--- Extracted data Enclosed Below ---
Lemma cond_first_state {X Y : M} (f : hom I (X ⊗ Y)) h : cond_first f h ->
  f = (idm X ⊠ (h ∘ rui X)) ∘ copy X ∘ marg1 f.
Proof.
  unfold cond_first. intro H. rewrite H at 1. rewrite copy_I, <- rui_I_lui_I.
  crw_rev @rui_nat. crw_rev @rui_nat. crw @asc_rui. crw @tensm_merge.
  rewrite comp_idl. reflexivity.
Qed.

Lemma cond_second_disintegrates {K X : M} (ψ : hom I (X ⊗ K)) h :
  cond_second ψ h -> disintegrates ψ (h ∘ rui K) (marg1 (br X K ∘ ψ)).
Proof.
  unfold cond_second, disintegrates. intro H. apply cond_first_state in H.
  apply (split_mono_cancel (br X K) (br K X)); [apply br_inv|].
  rewrite H at 1. crw @br_nat. now crw @copy_comm.
Qed.

Lemma disintegrates_cond_second {K X : M} (ψ : hom I (X ⊗ K)) k ν :
  disintegrates ψ k ν -> cond_second ψ (k ∘ ru K).
Proof.
  intro H. unfold cond_second, cond_first.
  rewrite (disintegrates_marg1_br H), (disintegrates_br H), copy_I, <- rui_I_lui_I.
  crw_rev @rui_nat. crw_rev @rui_nat. crw @asc_rui. crw @tensm_merge.
  rewrite comp_idl. crw @ru_rui. now rewrite comp_idr.
Qed.

Lemma disintegrates_exists (HC : has_conditionals M) {K X : M} (ψ : hom I (X ⊗ K)) :
  exists k, disintegrates ψ k (marg2 ψ).
Proof.
  destruct (HC _ _ _ (br X K ∘ ψ)) as [h Hh].
  assert (H := cond_second_disintegrates Hh). exists (h ∘ rui K).
  rewrite (disintegrates_marg2 H). exact H.
Qed.
End Disintegration.

Section AbsoluteContinuity.
Context {M : Markov}.
Notation I := (tunit (s := M)).

Lemma abs_cont_refl {X : M} (x : hom I X) : abs_cont x x.
Proof. intros Y f g H. exact H. Qed.

Lemma abs_cont_unit_iso {X : M} (x m : hom I X) : unit_iso X -> abs_cont x m.
Proof. intros T. rewrite (unit_iso_hom_unique T x m). apply abs_cont_refl. Qed.

Lemma stens_pairing {X Y : M} (m1 : hom I X) (m2 : hom I Y) :
  stens m1 m2 = pairing (idm X) (m2 ∘ del X) ∘ m1.
Proof.
  unfold stens, pairing. rewrite tensm_comp_r. crw @counitr. crw @rui_nat.
  rewrite rui_I_lui_I. crw @tensm_merge. now rewrite comp_idl, comp_idr.
Qed.

Lemma abs_cont_stens (PS : precise_supports M) {X Y : M} (x m1 : hom I X) (y m2 : hom I Y) :
  deterministic x -> deterministic y ->
  (abs_cont (stens x y) (stens m1 m2) <-> abs_cont x m1 /\ abs_cont y m2).
Proof.
  intros Hx Hy. rewrite (stens_pairing m1 m2), (PS _ _ x y _ m1 Hx Hy).
  rewrite <- comp_assoc, del_nat, del_I, comp_idr. reflexivity.
Qed.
--- End of Enclosed Extracted data ---
## What the task requires
What is needed is an exact transcription of every entry.

## Output below
Lemma cond_first_state {X Y : M} (f : hom I (X ⊗ Y)) h : cond_first f h ->
  f = (idm X ⊠ (h ∘ rui X)) ∘ copy X ∘ marg1 f.
Proof.
  unfold cond_first. intro H. rewrite H at 1. rewrite copy_I, <- rui_I_lui_I.
  crw_rev @rui_nat. crw_rev @rui_nat. crw @asc_rui. crw @tensm_merge.
  rewrite comp_idl. reflexivity.
Qed.

Lemma cond_second_disintegrates {K X : M} (ψ : hom I (X ⊗ K)) h :
  cond_second ψ h -> disintegrates ψ (h ∘ rui K) (marg1 (br X K ∘ ψ)).
Proof.
  unfold cond_second, disintegrates. intro H. apply cond_first_state in H.
  apply (split_mono_cancel (br X K) (br K X)); [apply br_inv|].
  rewrite H at 1. crw @br_nat. now crw @copy_comm.
Qed.

Lemma disintegrates_cond_second {K X : M} (ψ : hom I (X ⊗ K)) k ν :
  disintegrates ψ k ν -> cond_second ψ (k ∘ ru K).
Proof.
  intro H. unfold cond_second, cond_first.
  rewrite (disintegrates_marg1_br H), (disintegrates_br H), copy_I, <- rui_I_lui_I.
  crw_rev @rui_nat. crw_rev @rui_nat. crw @asc_rui. crw @tensm_merge.
  rewrite comp_idl. crw @ru_rui. now rewrite comp_idr.
Qed.

Lemma disintegrates_exists (HC : has_conditionals M) {K X : M} (ψ : hom I (X ⊗ K)) :
  exists k, disintegrates ψ k (marg2 ψ).
Proof.
  destruct (HC _ _ _ (br X K ∘ ψ)) as [h Hh].
  assert (H := cond_second_disintegrates Hh). exists (h ∘ rui K).
  rewrite (disintegrates_marg2 H). exact H.
Qed.
End Disintegration.

Section AbsoluteContinuity.
Context {M : Markov}.
Notation I := (tunit (s := M)).

Lemma abs_cont_refl {X : M} (x : hom I X) : abs_cont x x.
Proof. intros Y f g H. exact H. Qed.

Lemma abs_cont_unit_iso {X : M} (x m : hom I X) : unit_iso X -> abs_cont x m.
Proof. intros T. rewrite (unit_iso_hom_unique T x m). apply abs_cont_refl. Qed.

Lemma stens_pairing {X Y : M} (m1 : hom I X) (m2 : hom I Y) :
  stens m1 m2 = pairing (idm X) (m2 ∘ del X) ∘ m1.
Proof.
  unfold stens, pairing. rewrite tensm_comp_r. crw @counitr. crw @rui_nat.
  rewrite rui_I_lui_I. crw @tensm_merge. now rewrite comp_idl, comp_idr.
Qed.

Lemma abs_cont_stens (PS : precise_supports M) {X Y : M} (x m1 : hom I X) (y m2 : hom I Y) :
  deterministic x -> deterministic y ->
  (abs_cont (stens x y) (stens m1 m2) <-> abs_cont x m1 /\ abs_cont y m2).
Proof.
  intros Hx Hy. rewrite (stens_pairing m1 m2), (PS _ _ x y _ m1 Hx Hy).
  rewrite <- comp_assoc, del_nat, del_I, comp_idr. reflexivity.
Qed.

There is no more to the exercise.